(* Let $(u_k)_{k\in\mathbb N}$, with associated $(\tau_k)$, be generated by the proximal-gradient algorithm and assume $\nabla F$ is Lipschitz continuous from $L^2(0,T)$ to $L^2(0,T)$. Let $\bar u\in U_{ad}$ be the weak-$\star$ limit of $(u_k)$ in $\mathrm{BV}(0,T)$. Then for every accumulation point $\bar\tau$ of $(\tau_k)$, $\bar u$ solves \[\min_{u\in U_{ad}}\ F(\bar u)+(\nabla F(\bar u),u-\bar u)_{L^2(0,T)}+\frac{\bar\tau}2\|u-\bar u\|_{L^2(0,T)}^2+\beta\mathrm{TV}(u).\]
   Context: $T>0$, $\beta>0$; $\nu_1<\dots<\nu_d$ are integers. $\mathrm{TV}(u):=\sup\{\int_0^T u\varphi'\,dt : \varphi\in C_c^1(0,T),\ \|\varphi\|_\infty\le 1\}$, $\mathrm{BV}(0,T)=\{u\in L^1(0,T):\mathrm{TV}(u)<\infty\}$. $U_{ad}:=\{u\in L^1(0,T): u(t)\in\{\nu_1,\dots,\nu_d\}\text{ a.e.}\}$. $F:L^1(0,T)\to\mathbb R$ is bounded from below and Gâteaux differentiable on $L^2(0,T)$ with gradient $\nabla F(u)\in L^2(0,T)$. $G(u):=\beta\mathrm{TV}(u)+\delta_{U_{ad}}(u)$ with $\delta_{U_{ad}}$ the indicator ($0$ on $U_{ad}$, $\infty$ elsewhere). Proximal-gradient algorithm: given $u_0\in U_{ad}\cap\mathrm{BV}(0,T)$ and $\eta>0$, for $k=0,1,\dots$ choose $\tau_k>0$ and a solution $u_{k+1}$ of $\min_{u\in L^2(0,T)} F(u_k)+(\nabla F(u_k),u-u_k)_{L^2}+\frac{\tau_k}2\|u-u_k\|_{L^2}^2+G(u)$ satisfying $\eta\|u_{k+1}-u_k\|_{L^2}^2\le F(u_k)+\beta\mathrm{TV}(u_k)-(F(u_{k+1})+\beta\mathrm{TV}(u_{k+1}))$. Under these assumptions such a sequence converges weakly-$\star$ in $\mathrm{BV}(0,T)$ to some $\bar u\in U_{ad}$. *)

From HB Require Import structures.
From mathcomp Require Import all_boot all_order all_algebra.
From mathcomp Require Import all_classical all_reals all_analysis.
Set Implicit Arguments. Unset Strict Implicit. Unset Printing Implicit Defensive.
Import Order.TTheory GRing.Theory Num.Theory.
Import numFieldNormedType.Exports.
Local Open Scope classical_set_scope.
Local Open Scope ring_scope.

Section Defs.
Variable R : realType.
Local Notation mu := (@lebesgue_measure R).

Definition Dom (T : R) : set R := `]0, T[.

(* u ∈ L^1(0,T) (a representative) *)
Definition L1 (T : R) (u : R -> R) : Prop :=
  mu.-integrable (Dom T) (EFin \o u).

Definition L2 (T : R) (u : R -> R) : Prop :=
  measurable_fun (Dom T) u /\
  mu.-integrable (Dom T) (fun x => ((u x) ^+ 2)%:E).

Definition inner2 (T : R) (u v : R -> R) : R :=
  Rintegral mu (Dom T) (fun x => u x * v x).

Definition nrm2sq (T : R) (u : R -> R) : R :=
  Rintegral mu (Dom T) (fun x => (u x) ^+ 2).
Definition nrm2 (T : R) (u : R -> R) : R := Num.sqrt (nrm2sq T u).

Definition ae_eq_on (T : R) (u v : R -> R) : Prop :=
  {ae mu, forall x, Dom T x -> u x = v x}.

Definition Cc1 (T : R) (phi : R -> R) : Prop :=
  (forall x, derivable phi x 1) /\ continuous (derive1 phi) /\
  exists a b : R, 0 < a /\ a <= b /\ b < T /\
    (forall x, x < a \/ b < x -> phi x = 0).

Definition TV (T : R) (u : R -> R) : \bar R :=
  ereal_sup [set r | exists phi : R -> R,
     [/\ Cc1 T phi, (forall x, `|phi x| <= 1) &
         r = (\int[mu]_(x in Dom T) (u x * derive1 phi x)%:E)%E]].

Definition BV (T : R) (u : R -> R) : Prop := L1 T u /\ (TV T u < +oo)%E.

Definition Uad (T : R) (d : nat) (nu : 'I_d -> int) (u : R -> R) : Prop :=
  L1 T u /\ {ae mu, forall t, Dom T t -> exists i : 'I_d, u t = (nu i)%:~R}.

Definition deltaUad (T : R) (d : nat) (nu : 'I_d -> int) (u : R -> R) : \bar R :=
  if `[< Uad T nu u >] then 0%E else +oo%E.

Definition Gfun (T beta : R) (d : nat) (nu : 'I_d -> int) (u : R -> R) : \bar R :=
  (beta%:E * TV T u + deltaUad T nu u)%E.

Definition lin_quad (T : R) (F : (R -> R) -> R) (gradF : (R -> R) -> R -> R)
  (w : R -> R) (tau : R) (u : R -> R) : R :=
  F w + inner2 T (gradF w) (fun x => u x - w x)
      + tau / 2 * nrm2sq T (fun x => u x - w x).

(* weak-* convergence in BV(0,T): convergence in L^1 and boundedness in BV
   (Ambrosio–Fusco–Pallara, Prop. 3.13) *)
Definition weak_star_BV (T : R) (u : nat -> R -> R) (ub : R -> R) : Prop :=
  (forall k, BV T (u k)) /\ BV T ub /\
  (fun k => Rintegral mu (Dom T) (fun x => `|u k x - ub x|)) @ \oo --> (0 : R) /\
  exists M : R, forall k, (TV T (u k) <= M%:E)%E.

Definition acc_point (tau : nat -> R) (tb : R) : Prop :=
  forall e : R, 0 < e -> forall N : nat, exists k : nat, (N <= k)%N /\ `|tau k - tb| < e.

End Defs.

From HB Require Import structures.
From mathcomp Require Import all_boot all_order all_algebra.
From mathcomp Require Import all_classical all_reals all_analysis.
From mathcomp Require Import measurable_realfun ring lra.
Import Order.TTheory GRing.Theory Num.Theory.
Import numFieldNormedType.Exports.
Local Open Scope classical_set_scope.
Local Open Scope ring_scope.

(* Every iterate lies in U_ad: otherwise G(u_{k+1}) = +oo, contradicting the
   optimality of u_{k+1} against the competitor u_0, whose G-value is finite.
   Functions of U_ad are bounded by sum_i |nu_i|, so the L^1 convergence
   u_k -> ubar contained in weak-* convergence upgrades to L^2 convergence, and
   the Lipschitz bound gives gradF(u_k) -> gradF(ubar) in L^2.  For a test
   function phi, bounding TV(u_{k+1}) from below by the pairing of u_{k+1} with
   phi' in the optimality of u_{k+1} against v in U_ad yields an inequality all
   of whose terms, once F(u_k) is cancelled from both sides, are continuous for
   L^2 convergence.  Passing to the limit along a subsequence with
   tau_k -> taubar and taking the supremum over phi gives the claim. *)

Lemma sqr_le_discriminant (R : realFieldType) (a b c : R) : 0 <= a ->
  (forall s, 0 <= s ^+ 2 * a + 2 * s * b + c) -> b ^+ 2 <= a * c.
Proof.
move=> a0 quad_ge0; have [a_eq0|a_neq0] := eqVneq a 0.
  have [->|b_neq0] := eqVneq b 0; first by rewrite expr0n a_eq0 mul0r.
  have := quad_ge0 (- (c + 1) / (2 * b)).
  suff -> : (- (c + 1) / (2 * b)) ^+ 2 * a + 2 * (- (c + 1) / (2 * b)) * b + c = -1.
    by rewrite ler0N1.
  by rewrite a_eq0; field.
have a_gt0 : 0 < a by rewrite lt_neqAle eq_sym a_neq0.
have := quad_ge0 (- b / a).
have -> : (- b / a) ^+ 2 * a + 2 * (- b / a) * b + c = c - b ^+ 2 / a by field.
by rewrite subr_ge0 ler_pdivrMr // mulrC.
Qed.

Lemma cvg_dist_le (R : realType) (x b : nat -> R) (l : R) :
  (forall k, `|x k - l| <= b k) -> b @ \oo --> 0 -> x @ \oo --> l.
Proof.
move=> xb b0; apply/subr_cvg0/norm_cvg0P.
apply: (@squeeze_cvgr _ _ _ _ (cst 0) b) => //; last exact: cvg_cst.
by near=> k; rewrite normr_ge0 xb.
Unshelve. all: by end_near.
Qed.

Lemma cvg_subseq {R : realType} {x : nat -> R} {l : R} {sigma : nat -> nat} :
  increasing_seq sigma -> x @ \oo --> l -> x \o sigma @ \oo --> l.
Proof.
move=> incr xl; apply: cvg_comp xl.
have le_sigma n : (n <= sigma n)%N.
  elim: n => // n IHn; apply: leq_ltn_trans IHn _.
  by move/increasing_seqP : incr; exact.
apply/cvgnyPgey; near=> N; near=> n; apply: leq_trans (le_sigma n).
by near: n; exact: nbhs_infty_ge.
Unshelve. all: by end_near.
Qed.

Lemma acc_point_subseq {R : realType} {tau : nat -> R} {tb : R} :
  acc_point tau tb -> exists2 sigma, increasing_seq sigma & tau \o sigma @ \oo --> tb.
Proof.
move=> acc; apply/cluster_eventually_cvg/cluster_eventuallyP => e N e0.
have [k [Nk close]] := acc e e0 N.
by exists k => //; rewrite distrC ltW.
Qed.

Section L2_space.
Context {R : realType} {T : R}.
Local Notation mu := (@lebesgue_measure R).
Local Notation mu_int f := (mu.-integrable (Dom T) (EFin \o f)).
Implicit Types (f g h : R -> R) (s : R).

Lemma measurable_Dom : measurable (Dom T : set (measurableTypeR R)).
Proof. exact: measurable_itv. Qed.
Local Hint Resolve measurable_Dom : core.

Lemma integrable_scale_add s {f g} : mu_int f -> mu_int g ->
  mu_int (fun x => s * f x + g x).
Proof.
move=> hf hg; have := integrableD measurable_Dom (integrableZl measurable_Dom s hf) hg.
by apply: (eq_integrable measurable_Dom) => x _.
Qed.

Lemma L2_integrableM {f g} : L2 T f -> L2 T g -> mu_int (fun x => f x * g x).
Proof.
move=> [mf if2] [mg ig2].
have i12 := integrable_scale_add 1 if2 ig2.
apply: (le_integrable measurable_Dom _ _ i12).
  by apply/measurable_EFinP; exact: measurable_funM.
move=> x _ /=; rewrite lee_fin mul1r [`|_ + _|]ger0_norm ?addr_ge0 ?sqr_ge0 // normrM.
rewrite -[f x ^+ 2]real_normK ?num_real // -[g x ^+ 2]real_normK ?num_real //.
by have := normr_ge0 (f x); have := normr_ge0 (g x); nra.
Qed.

* _TASK ITEM_
Above are some records; copy exactly the lines from the one with "(forall x, x < a \/ b < x -> phi x = 0)." through the one with "Definition Uad (T", both included, and no others.

* _SOLUTION_
    (forall x, x < a \/ b < x -> phi x = 0).

Definition TV (T : R) (u : R -> R) : \bar R :=
  ereal_sup [set r | exists phi : R -> R,
     [/\ Cc1 T phi, (forall x, `|phi x| <= 1) &
         r = (\int[mu]_(x in Dom T) (u x * derive1 phi x)%:E)%E]].

Definition BV (T : R) (u : R -> R) : Prop := L1 T u /\ (TV T u < +oo)%E.

Definition Uad (T : R) (d : nat) (nu : 'I_d -> int) (u : R -> R) : Prop :=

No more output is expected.